Captain John Mason (1586–1635) was a sailor and colonist who was instrumental to the establishment of various settlements in colonial America. Born in 1586 at King's Lynn, Norfolk, and educated at Peterhouse, Cambridge. In 1610, he was appointed by James I to help reclaim the Hebrides. As a reward, he was granted exclusive fishing rights in the North Sea. This was ignored by the Dutch and he was treated as a pirate by the Scots. In 1615, he was arrested, but soon released after the seizure of his ship.  He was appointed the second Proprietary Governor of Newfoundland's Cuper's Cove colony in 1615, succeeding John Guy. Mason arrived on the island in 1616 and explored much of the territory. He compiled a map of the island and wrote and published a short tract (or "Discourse") of his findings.

Mason drew up a map of the island of Newfoundland. Published in William Vaughan's Cambrensium Caroleia in 1625, the map included previously established placenames as well as new ones such as Bristol's Hope and Butter Pots, near Renews. His tract entitled , was published in 1620 by Mason while in England.

In 1620 King James I's Privy Council issued Mason a commission and provided him with a ship to suppress piracy in Newfoundland. Mason ceased to be Cuper's Cove governor in 1621 and apparently he was not replaced, although the settlement continued to be occupied throughout the seventeenth century.

Upon returning to England, Mason consulted with Sir William Alexander about the possibility of establish settlements on Nova Scotia.
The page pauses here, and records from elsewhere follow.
(* For every $\ell\ge0$, the coefficients of $\hbar^s$, $s\le\ell$, in the asymptotic expansion $$\mathrm{Tr}(t,\hbar)\sim\sum_{m=0}^\infty\frac{(it)^m}{m!}\Big(\sum_{|r|\ge1}\hbar^{|r|-1}c_r(\hbar)\Big(\frac1tD_\theta\Big)^r\Big)^m\frac{e^{\frac{it}{2}\sum_j\theta_j}}{\prod_j(1-e^{it\theta_j})}\Bigg|_{\theta=u}$$ determine the coefficients of $\hbar^s$, $s\le\ell$, in the series $$V(t,\hbar)=\sum_{|r|\ge1}\hbar^{|r|-1}c_r(\hbar)\Big(\frac1tD_\theta\Big)^r\frac{e^{\frac{it}{2}\sum_j\theta_j}}{\prod_j(1-e^{it\theta_j})}\Bigg|_{\theta=u}.$$
   Context: Here $u=(u_1,\dots,u_n)$ has positive entries linearly independent over $\mathbb{Q}$, $D_\theta=-i(\partial_{\theta_1},\dots,\partial_{\theta_n})$, $r\in\mathbb{Z}_{\ge0}^n$, and $c_r(\hbar)=\sum_{i\ge0}c_{r,i}\hbar^{|r|-1+i}$ with $c_r(0)=0$ when $|r|=1$ (the coefficients of the semi-classical Birkhoff canonical form). *)

From Stdlib Require Import Reals List QArith Qreals.
From Coquelicot Require Import Coquelicot.
Import ListNotations.
Open Scope R_scope.

Definition ce (x : R) : C := (cos x, sin x).

(* points theta = (theta_0, ..., theta_{n-1}) are functions nat -> R
   (only the first n coordinates matter) *)
Definition upd (th : nat -> R) (j : nat) (x : R) : nat -> R :=
  fun k => if Nat.eqb k j then x else th k.

Definition Rsum_lt (n : nat) (f : nat -> R) : R :=
  fold_right Rplus 0 (map f (seq 0%nat n)).
Definition Csum (l : list C) : C := fold_right Cplus (RtoC 0) l.
Definition Cprod_lt (n : nat) (f : nat -> C) : C :=
  fold_right Cmult (RtoC 1) (map f (seq 0%nat n)).

Definition Fun := (nat -> R) -> C.

Definition Dpart (j : nat) (g : Fun) : Fun :=
  fun th => Cmult (Copp Ci)
    (Derive (fun x => fst (g (upd th j x))) (th j),
     Derive (fun x => snd (g (upd th j x))) (th j)).

Fixpoint iter_op (k : nat) (op : Fun -> Fun) (g : Fun) : Fun :=
  match k with O => g | S k' => op (iter_op k' op g) end.

(* D_theta^r for a multi-index r = [r_0; ...; r_{n-1}], starting at coordinate j *)
Fixpoint Dmulti_from (j : nat) (r : list nat) (g : Fun) : Fun :=
  match r with
  | [] => g
  | a :: r' => iter_op a (Dpart j) (Dmulti_from (S j) r' g)
  end.
Definition Dmulti (r : list nat) (g : Fun) : Fun := Dmulti_from 0 r g.

Fixpoint multi (n d : nat) : list (list nat) :=
  match n with
  | O => match d with O => [[]] | _ => [] end
  | S n' => flat_map (fun a => map (cons a) (multi n' (d - a))) (seq 0%nat (S d))
  end.

Definition lsum (r : list nat) : nat := fold_right Nat.add O r.

Definition Fmodel (n : nat) (t : R) : Fun :=
  fun th => Cdiv (ce (t / 2 * Rsum_lt n th))
                 (Cprod_lt n (fun j => Cminus (RtoC 1) (ce (t * th j)))).

(* Coefficients c_{r,i}: c r i, so that c_r(hbar) = sum_i c r i hbar^{|r|-1+i}.
   The operator  P = sum_{|r|>=1} hbar^{|r|-1} c_r(hbar) (t^{-1} D_theta)^r
   is a formal series  sum_k hbar^k P_k  with
   P_k = sum_{|r| = d >= 1, 2d-2 <= k} c_{r, k+2-2d} t^{-d} D_theta^r. *)
Definition Pk (n : nat) (c : list nat -> nat -> R) (t : R) (k : nat) (g : Fun) : Fun :=
  fun th =>
    Csum (flat_map (fun d =>
            if Nat.leb (2 * d - 2)%nat k then
              map (fun r => Cmult (RtoC (c r (k + 2 - 2 * d)%nat * / (t ^ d)))
                                  (Dmulti r g th))
                  (multi n d)
            else [])
         (seq 1%nat (S k))).

Definition Pcomp (n : nat) (c : list nat -> nat -> R) (t : R) (ks : list nat) (g : Fun) : Fun :=
  fold_right (fun k h => Pk n c t k h) g ks.

Fixpoint fact_R (m : nat) : R :=
  match m with O => 1 | S m' => INR m * fact_R m' end.

(* Coefficient of hbar^s in  sum_m (it)^m/m! P^m F |_{theta=u}.
   The coefficient of hbar^s in P^m is sum_{k_1+...+k_m = s} P_{k_1}...P_{k_m};
   since P_0 = 0 (because c_r(0)=0 for |r|=1), terms with m > s vanish,
   so the sum over m is truncated at m = s. *)
Definition TrCoef (n : nat) (c : list nat -> nat -> R) (u : nat -> R) (t : R) (s : nat) : C :=
  Csum (map (fun m =>
     Cmult (Cdiv (Cpow (Cmult Ci (RtoC t)) m) (RtoC (fact_R m)))
           (Csum (map (fun ks => Pcomp n c t ks (Fmodel n t) u) (multi m s))))
   (seq 0%nat (S s))).

(* Coefficient of hbar^s in  V(t,hbar) = P F |_{theta=u} *)
Definition VCoef (n : nat) (c : list nat -> nat -> R) (u : nat -> R) (t : R) (s : nat) : C :=
  Pk n c t s (Fmodel n t) u.

Definition Q_lin_indep (n : nat) (u : nat -> R) : Prop :=
  forall q : nat -> Q,
    Rsum_lt n (fun j => Q2R (q j) * u j) = 0 -> forall j, (j < n)%nat -> q j == 0%Q.

(* admissible times: t <> 0 and the model function is regular at theta = u *)
Definition good_time (n : nat) (u : nat -> R) (t : R) : Prop :=
  t <> 0 /\ forall j, (j < n)%nat -> ce (t * u j) <> RtoC 1.

Definition c_admissible (n : nat) (c : list nat -> nat -> R) : Prop :=
  forall r, length r = n -> lsum r = 1%nat -> c r 0%nat = 0.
In 1622, Mason and Sir Ferdinando Gorges received a land patent from the Plymouth Council for New England for all the territory lying between the Merrimack and Kennebec rivers. In 1629 they divided the grant along the Piscataqua River, with Mason receiving the southern portion. The colony was recharted as the Province of New Hampshire. It included most of the southeastern part of the current state of New Hampshire, as well as portions of present-day Massachusetts north of the Merrimack.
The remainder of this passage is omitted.